Фельдшер приложил к ране тампон.
— Срочно на операцию. Срочно, — сказал негромко один из врачей.
Офицеры расступились, и Нестеров увидел Ирину. Она молча смотрела на него, и в глазах ее застыло недоумение.
«Чистенькая, накрахмаленная, — вдруг с отвращением подумал Нестеров. — Музыка, танцы… Как это все гадко! И ты тоже виновата, что Шарыгина уже нет…»
— Тебе больно? — спросила девушка.
«Почему она здесь? Что она спрашивает?

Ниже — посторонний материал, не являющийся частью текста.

(* Separable kernels are closed under products (product-to-sum formula for cosines). *)
Lemma SepK_mult_base j th l k : UCR l -> BD l -> SepK k ->
  SepK (fun y z => (cos (2 * PI * IZR j * y + th) * l z) * k y z).
Proof.
  intros Ul Bl H. induction H.
  - destruct (UCR_BD_mult l l0 Ul Bl H H0) as [U B].
    apply sk_ext with (fun y z => / 2 * (cos (2 * PI * IZR (j + j0) * y + (th + th0)) * (l z * l0 z)) +
                                 / 2 * (cos (2 * PI * IZR (j - j0) * y + (th - th0)) * (l z * l0 z))).
    + apply sk_plus; apply sk_scal; apply sk_base; auto.
    + intros y z. rewrite plus_IZR, minus_IZR.
      replace (2 * PI * (IZR j + IZR j0) * y + (th + th0)) with ((2 * PI * IZR j * y + th) + (2 * PI * IZR j0 * y + th0)) by ring.
      replace (2 * PI * (IZR j - IZR j0) * y + (th - th0)) with ((2 * PI * IZR j * y + th) - (2 * PI * IZR j0 * y + th0)) by ring.
      rewrite cos_plus, cos_minus. field.
  - apply sk_ext with (fun y z => cos (2 * PI * IZR j * y + th) * l z * k y z + cos (2 * PI * IZR j * y + th) * l z * k' y z).
    apply sk_plus; auto. intros; ring.
  - apply sk_ext with (fun y z => c * (cos (2 * PI * IZR j * y + th) * l z * k y z)).
    apply sk_scal; auto. intros; ring.
  - apply sk_ext with (fun y z => cos (2 * PI * IZR j * y + th) * l z * k y z); auto.
    intros; rewrite H0; auto.
Qed.

Lemma SepK_mult k k' : SepK k -> SepK k' -> SepK (fun y z => k y z * k' y z).
Proof.
  intros H H'. induction H.
  - apply SepK_mult_base; auto.
  - apply sk_ext with (fun y z => k y z * k' y z + k'0 y z * k' y z). apply sk_plus; auto. intros; ring.
  - apply sk_ext with (fun y z => c * (k y z * k' y z)). apply sk_scal; auto. intros; ring.
  - apply sk_ext with (fun y z => k y z * k' y z); auto. intros; rewrite H0; auto.
Qed.

Lemma UCR_cos_lin c k : UCR (fun z => cos (c * z + k)).
Proof.
  assert (B : BUC T1 (fun q => cos (c * snd q + k))).
  { apply (BUC_compR T1 (fun q => c * snd q + k) cos); [|apply UCR_cos|apply BD_cos]. apply UCv_lin, UCv_snd. }
  destruct B as [U _]. intros e He. destruct (U e He) as [d [Hd H]]. exists d; split; auto. intros x y Hxy.
  apply (H (tt, x) (tt, y)). split; simpl; auto.
Qed.

(* (1 + cos 2 pi (y - z))^N is separable, by induction using cos(a - b) = cos a cos b + sin a sin b. *)
Lemma SepK_kernel N : SepK (fun y z => (1 + cos (2 * PI * (y - z))) ^ N).
Proof.
  induction N.
  - apply sk_ext with (fun y z => cos (2 * PI * IZR 0 * y + 0) * (fun _ => 1) z).
    apply sk_base; [apply UCR_const| apply BD_const]. intros; simpl. rewrite Rmult_0_r, Rmult_0_l, Rplus_0_l, cos_0. ring.
  - apply sk_ext with (fun y z => (1 + cos (2 * PI * (y - z))) ^ N *
       (cos (2 * PI * IZR 0 * y + 0) * (fun _ => 1) z + cos (2 * PI * IZR 1 * y + 0) * (fun z => cos (2 * PI * z + 0)) z
        + cos (2 * PI * IZR 1 * y + - (PI / 2)) * (fun z => cos (2 * PI * z + - (PI / 2))) z)).
    + apply SepK_mult; auto. apply sk_plus; [apply sk_plus|]; apply sk_base; try apply UCR_const; try apply BD_const;
      try apply UCR_cos_lin; exists 1; intros; apply Rabs_le; apply COS_bound.
    + intros y z. simpl. rewrite Rmult_0_r, Rmult_0_l, Rplus_0_l, cos_0, !Rmult_1_r, !Rplus_0_r.
      assert (Hs : forall x, cos (x + - (PI / 2)) = sin x).
      { intros x. rewrite <- cos_neg. replace (- (x + - (PI / 2))) with (PI / 2 - x) by ring. apply cos_shift. }
      rewrite !Hs. replace (2 * PI * (y - z)) with (2 * PI * y - 2 * PI * z) by ring. rewrite cos_minus. ring.
Qed.

(* Points of T5 extended by the three integration variables z1 z2 z3. *)
Notation T6 := (CSP T5).
Notation T7 := (CSP T6).
Notation T8 := (CSP T7).

Definition conv_integrand (k1 k2 k3 : R -> R -> R) (Psi : T5 -> R) (w : T8) : R :=
  k1 (gy1 (fst (fst (fst w)))) (snd (fst (fst w))) * k2 (gy2 (fst (fst (fst w)))) (snd (fst w)) *
  k3 (gy3 (fst (fst (fst w)))) (snd w) *
  Psi (mk5 (gs2 (fst (fst (fst w)))) (gs1 (fst (fst (fst w)))) (snd (fst (fst w))) (snd (fst w)) (snd w)).

Definition pint_cube (F : T8 -> R) : T5 -> R := pint (X := T5) 0 1 (pint (X := T6) 0 1 (pint (X := T7) 0 1 F)).

Lemma UCv_T8p (h : T5 -> R) : UCv T5 h -> UCv T8 (fun w => h (fst (fst (fst w)))).
Proof.
  intros H. apply (UCv_fst T7 (fun w => h (fst (fst w)))). apply (UCv_fst T6 (fun w => h (fst w))).
  apply (UCv_fst T5 h). auto.
Qed.
Lemma UCv_z1 : UCv T8 (fun w => snd (fst (fst w))).
Proof. apply (UCv_fst T7 (fun w => snd (fst w))). apply (UCv_fst T6 snd). apply UCv_snd. Qed.
Lemma UCv_z2 : UCv T8 (fun w => snd (fst w)).
Proof. apply (UCv_fst T7 snd). apply UCv_snd. Qed.
Lemma UCv_z3 : UCv T8 (fun w => snd w).
Proof. apply UCv_snd. Qed.

Lemma UCv_min (X : CS) (h1 h2 : X -> R) : UCv X h1 -> UCv X h2 -> forall d, 0 < d -> exists d', 0 < d' /\
  forall x y, cl d' x y -> Rabs (h1 x - h1 y) < d /\ Rabs (h2 x - h2 y) < d.
Proof.
  intros H1 H2 d Hd. destruct (H1 d Hd) as [d1 [Hd1 A1]]. destruct (H2 d Hd) as [d2 [Hd2 A2]].
  exists (Rmin d1 d2); split; [apply Rmin_pos; auto|]. intros x y Hxy. split.
  apply A1; eapply cl_mono; [|apply Hxy]; apply Rmin_l.
  apply A2; eapply cl_mono; [|apply Hxy]; apply Rmin_r.
Qed.

Lemma BUC_k2comp (X : CS) (K : T2 -> R) (h1 h2 : X -> R) : BUC T2 K -> UCv X h1 -> UCv X h2 ->
  BUC X (fun x => K ((tt, h1 x), h2 x)).
Proof.
  intros BK H1 H2. apply (BUC_comp X T2 (fun x => ((tt, h1 x), h2 x)) K); auto.
  intros d Hd. destruct (UCv_min X h1 h2 H1 H2 d Hd) as [d' [Hd' H]]. exists d'; split; auto.
  intros x y Hxy. destruct (H x y Hxy). simpl. auto.
Qed.

Lemma BUC_5comp (X : CS) (K : T5 -> R) (h1 h2 h3 h4 h5 : X -> R) : BUC T5 K ->
  UCv X h1 -> UCv X h2 -> UCv X h3 -> UCv X h4 -> UCv X h5 ->
  BUC X (fun x => K (mk5 (h1 x) (h2 x) (h3 x) (h4 x) (h5 x))).
Proof.
  intros BK H1 H2 H3 H4 H5. apply (BUC_comp X T5 (fun x => mk5 (h1 x) (h2 x) (h3 x) (h4 x) (h5 x)) K); auto.
  intros d Hd. destruct (UCv_min X h1 h2 H1 H2 d Hd) as [d1 [Hd1 A]].
  destruct (UCv_min X h3 h4 H3 H4 d Hd) as [d2 [Hd2 B]].
  destruct (H5 d Hd) as [d3 [Hd3 C]].
  exists (Rmin d1 (Rmin d2 d3)); split; [repeat apply Rmin_pos; auto|]. intros x y Hxy.
  assert (X1 : cl d1 x y) by (eapply cl_mono; [|apply Hxy]; apply Rmin_l).
  assert (X2 : cl d2 x y) by (eapply cl_mono; [|apply Hxy]; eapply Rle_trans; [apply Rmin_r| apply Rmin_l]).
  assert (X3 : cl d3 x y) by (eapply cl_mono; [|apply Hxy]; eapply Rle_trans; [apply Rmin_r| apply Rmin_r]).
  destruct (A x y X1). destruct (B x y X2). specialize (C x y X3).
  apply cl5. unfold mk5, gs2, gs1, gy1, gy2, gy3; simpl. tauto.
Qed.

Lemma BUC_conv_integrand k1 k2 k3 Psi : SepK k1 -> SepK k2 -> SepK k3 -> BUC T5 Psi -> BUC T8 (conv_integrand k1 k2 k3 Psi).
Proof.
  intros S1 S2 S3 BP. unfold conv_integrand.
  apply (BUC_mult T8 (fun w => k1 (gy1 (fst (fst (fst w)))) (snd (fst (fst w))) * k2 (gy2 (fst (fst (fst w)))) (snd (fst w)) *
     k3 (gy3 (fst (fst (fst w)))) (snd w))).
  - apply (BUC_mult T8 (fun w => k1 (gy1 (fst (fst (fst w)))) (snd (fst (fst w))) * k2 (gy2 (fst (fst (fst w)))) (snd (fst w)))).
    + apply (BUC_mult T8 (fun w => k1 (gy1 (fst (fst (fst w)))) (snd (fst (fst w))))).
      * exact (BUC_k2comp T8 (kernel_fun k1) _ _ (SepK_BUC k1 S1) (UCv_T8p gy1 UCv_gy1) UCv_z1).
      * exact (BUC_k2comp T8 (kernel_fun k2) _ _ (SepK_BUC k2 S2) (UCv_T8p gy2 UCv_gy2) UCv_z2).
    + exact (BUC_k2comp T8 (kernel_fun k3) _ _ (SepK_BUC k3 S3) (UCv_T8p gy3 UCv_gy3) UCv_z3).
  - apply (BUC_5comp T8 Psi (fun w => gs2 (fst (fst (fst w)))) (fun w => gs1 (fst (fst (fst w))))
      (fun w => snd (fst (fst w))) (fun w => snd (fst w)) (fun w => snd w) BP
      (UCv_T8p gs2 UCv_gs2) (UCv_T8p gs1 UCv_gs1) UCv_z1 UCv_z2 UCv_z3).
Qed.

Lemma pint_cube_BUC F : BUC T8 F -> BUC T5 (pint_cube F).
Proof. intros; unfold pint_cube; repeat apply pint_BUC; auto; lra. Qed.

Lemma pint_cube_plus F G p : BUC T8 F -> BUC T8 G -> pint_cube (fun w => F w + G w) p = pint_cube F p + pint_cube G p.
Proof.
  intros BF BG. unfold pint_cube.
  rewrite (pint_plus_f T7 0 1 F G) by auto.
  rewrite (pint_plus_f T6 0 1) by (apply pint_BUC; auto; lra).
  apply pint_plus; repeat apply pint_BUC; auto; lra.
Qed.

Lemma pint_cube_scal c F p : BUC T8 F -> pint_cube (fun w => c * F w) p = c * pint_cube F p.
Proof.
  intros BF. unfold pint_cube.
  rewrite (pint_scal_f T7 0 1 c F) by auto.
  rewrite (pint_scal_f T6 0 1 c) by (apply pint_BUC; auto; lra).
  apply pint_scal; repeat apply pint_BUC; auto; lra.
Qed.

Lemma pint_cube_prod g1 g2 g3 c p : (forall y a b, ex_RInt (g1 y) a b) -> (forall y a b, ex_RInt (g2 y) a b) ->
  (forall y a b, ex_RInt (g3 y) a b) ->
  pint_cube (conv_integrand g1 g2 g3 (fun _ => c)) p = RInt (g1 (gy1 p)) 0 1 * RInt (g2 (gy2 p)) 0 1 * RInt (g3 (gy3 p)) 0 1 * c.
Proof.
  intros E1 E2 E3. unfold pint_cube, pint, conv_integrand. simpl.
  set (A := RInt (g1 (gy1 p)) 0 1). set (B := RInt (g2 (gy2 p)) 0 1). set (C := RInt (g3 (gy3 p)) 0 1).
  rewrite (RInt_ext_pw _ (fun t => (B * C * c) * g1 (gy1 p) t)).
  - rewrite RInt_scalR; auto. fold A. ring.
  - intros t. rewrite (RInt_ext_pw _ (fun t0 => (g1 (gy1 p) t * C * c) * g2 (gy2 p) t0)).
    + rewrite RInt_scalR; auto. fold B. ring.
    + intros t0. rewrite (RInt_ext_pw _ (fun t1 => (g1 (gy1 p) t * g2 (gy2 p) t0 * c) * g3 (gy3 p) t1)) by (intros; ring).
      rewrite RInt_scalR; auto. fold C. ring.
Qed.

Lemma pint_cube_le F G p : BUC T8 F -> BUC T8 G -> (forall z1 z2 z3, F (((p, z1), z2), z3) <= G (((p, z1), z2), z3)) ->
  pint_cube F p <= pint_cube G p.
Proof.
  intros BF BG H. unfold pint_cube. apply pint_le; [lra| repeat apply pint_BUC; auto; lra| repeat apply pint_BUC; auto; lra|].
  intros t. apply pint_le; [lra| repeat apply pint_BUC; auto; lra| repeat apply pint_BUC; auto; lra|].
  intros t'. apply pint_le; [lra| auto| auto| auto].
Qed.

Lemma pint_cube_minus F G p : BUC T8 F -> BUC T8 G -> pint_cube (fun w => F w - G w) p = pint_cube F p - pint_cube G p.
Proof.
  intros BF BG. replace (fun w => F w - G w) with (fun w => F w + (-1) * G w)
    by (apply functional_extensionality; intros; ring).
  rewrite pint_cube_plus, pint_cube_scal; auto. ring. apply BUC_scal; auto.
Qed.

Lemma pint_cube_abs_le F G p : BUC T8 F -> BUC T8 G ->
  (forall z1 z2 z3, Rabs (F (((p, z1), z2), z3)) <= G (((p, z1), z2), z3)) -> Rabs (pint_cube F p) <= pint_cube G p.
Proof.
  intros BF BG H. apply Rabs_le. split.
  - assert (E : pint_cube (fun w => -1 * G w) p = - pint_cube G p) by (rewrite pint_cube_scal; auto; ring).
    rewrite <- E. apply pint_cube_le; auto. apply BUC_scal; auto.
    intros z1 z2 z3. specialize (H z1 z2 z3). apply Rabs_le_between in H. lra.
  - apply pint_cube_le; auto. intros z1 z2 z3. specialize (H z1 z2 z3). apply Rabs_le_between in H. lra.
Qed.

Lemma pint_pull (X : CS) a b (F G : CSP X -> R) (c : X -> R) x : BUC (CSP X) G ->
  (forall t, F (x, t) = c x * G (x, t)) -> pint a b F x = c x * pint a b G x.
Proof.
  intros BG H. unfold pint. rewrite (RInt_ext _ (fun t => c x * G (x, t))) by auto.
  apply RInt_scalR. apply pint_ex; auto.
Qed.

Section Main.
Variables a1 b1 a2 b2 : R.
Hypothesis Hab1 : a1 <= b1.
Hypothesis Hab2 : a2 <= b2.
Variables Y1 Y2 Y3 : R -> R.
Hypothesis UY1 : UCR Y1.
Hypothesis UY2 : UCR Y2.
Hypothesis UY3 : UCR Y3.
Variables dY1 dY2 dY3 : R -> R.
Hypothesis HYd1 : forall t, a2 < t < b2 -> is_derive Y1 t (dY1 t).
Hypothesis HYd2 : forall t, a2 < t < b2 -> is_derive Y2 t (dY2 t).
Hypothesis HYd3 : forall t, a2 < t < b2 -> is_derive Y3 t (dY3 t).
Hypothesis HdYc1 : forall t, contR dY1 t.
Hypothesis HdYc2 : forall t, contR dY2 t.
Hypothesis HdYc3 : forall t, contR dY3 t.
Hypothesis Hnd : nondegenerate a2 b2 dY1 dY2 dY3.

Definition mean_int (G : T5 -> R) : R :=
  pint (X := CSU) a2 b2 (pint (X := T1) a1 b1 (pint (X := T2) 0 1 (pint (X := T3) 0 1 (pint (X := T4) 0 1 G)))) tt.

Definition osc_point (eps : R) (q : T2) : T5 :=
  (((q, Y1 (snd (fst q)) / eps), Y2 (snd (fst q)) / eps), Y3 (snd (fst q)) / eps).

Definition osc_int (G : T5 -> R) (eps : R) : R :=
  pint (X := CSU) a2 b2 (pint (X := T1) a1 b1 (fun q => G (osc_point eps q))) tt.

Lemma UCR_div f eps : 0 < eps -> UCR f -> forall d, 0 < d -> exists d', 0 < d' /\
  forall x y, Rabs (x - y) < d' -> Rabs (f x / eps - f y / eps) < d.
Proof.
  intros He Uf d Hd. destruct (Uf (d * eps)) as [d' [Hd' H]]; [nra|]. exists d'; split; auto.
  intros x y Hxy. specialize (H x y Hxy).
  replace (f x / eps - f y / eps) with ((f x - f y) / eps) by (field; lra).
  rewrite Rabs_div by lra. rewrite (Rabs_pos_eq eps) by lra.
  apply Rmult_lt_reg_r with eps; auto. unfold Rdiv. rewrite Rmult_assoc, Rinv_l, Rmult_1_r; lra.
Qed.

Lemma osc_point_UC eps : 0 < eps -> UCmap T2 T5 (osc_point eps).
Proof.
  intros He d Hd.
  destruct (UCR_div Y1 eps He UY1 d Hd) as [d1 [Hd1 H1]].
  destruct (UCR_div Y2 eps He UY2 d Hd) as [d2 [Hd2 H2]].
  destruct (UCR_div Y3 eps He UY3 d Hd) as [d3 [Hd3 H3]].
  exists (Rmin d (Rmin d1 (Rmin d2 d3))). split.
  { repeat apply Rmin_pos; auto. }
  intros [[[] s2] s1] [[[] t2] t1] [[_ A] B]. simpl in *.
  pose proof (Rmin_l d (Rmin d1 (Rmin d2 d3))). pose proof (Rmin_r d (Rmin d1 (Rmin d2 d3))).
  pose proof (Rmin_l d1 (Rmin d2 d3)). pose proof (Rmin_r d1 (Rmin d2 d3)).
  pose proof (Rmin_l d2 d3). pose proof (Rmin_r d2 d3).
  repeat split; simpl; try lra.
  apply H1; lra. apply H2; lra. apply H3; lra.
Qed.

Lemma BUC_osc_point G eps : 0 < eps -> BUC T5 G -> BUC T2 (fun q => G (osc_point eps q)).
Proof. intros He HG. apply BUC_comp; auto. apply osc_point_UC; auto. Qed.

Lemma mean_int_plus G H : BUC T5 G -> BUC T5 H -> mean_int (fun p => G p + H p) = mean_int G + mean_int H.
Proof.
  intros HG HH. unfold mean_int.
  rewrite pint_plus_f by auto.
  rewrite pint_plus_f by (apply pint_BUC; auto; lra).
  rewrite pint_plus_f by (repeat apply pint_BUC; auto; lra).
  rewrite pint_plus_f by (repeat apply pint_BUC; auto; lra).
  apply pint_plus; repeat apply pint_BUC; auto; lra.
Qed.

Шарыгина унесли туда, а она здесь. Хоть бы заплакала, что ли?»
— Ты не узнал меня? — одними губами прошептала Ирина и вымученно улыбнулась.
— Ненавижу, — с трудом выдавил из себя Нестеров.
Все поплыло перед его глазами, замелькала заслонившая собой мир цветастая мозаика, закружились, как грампластинка, замысловатые геометрические фигуры — они переплетались, наслаивались друг на друга, стекали тягучими цветными слоями с острых граней белоснежных гор, дробились на радужные брызги, и Нестеров падал и падал в бесконечную пропасть все глубже, все дальше…
Палата. Ослепительный белый свет. Настолько ослепительный, что лицо следователя из военной прокуратуры кажется присыпанным мукой.
— Я к вам вот, собственно говоря, по какому вопросу. Нас интересуют подробности гибели группы сержанта Шарыгина. Вы, как свидетель, могли бы многое рассказать.
— Свидетелем я не был, — медленно ответил Нестеров, не сводя глаз с лица следователя. — А все, что знал, уже написал в рапорте начальнику штаба.
Следователь закивал головой:
— Все верно… Но меня интересуют еще кое-какие сведения. Я хочу понять, почему группа Шарыгина оказалась так далеко от основных сил роты.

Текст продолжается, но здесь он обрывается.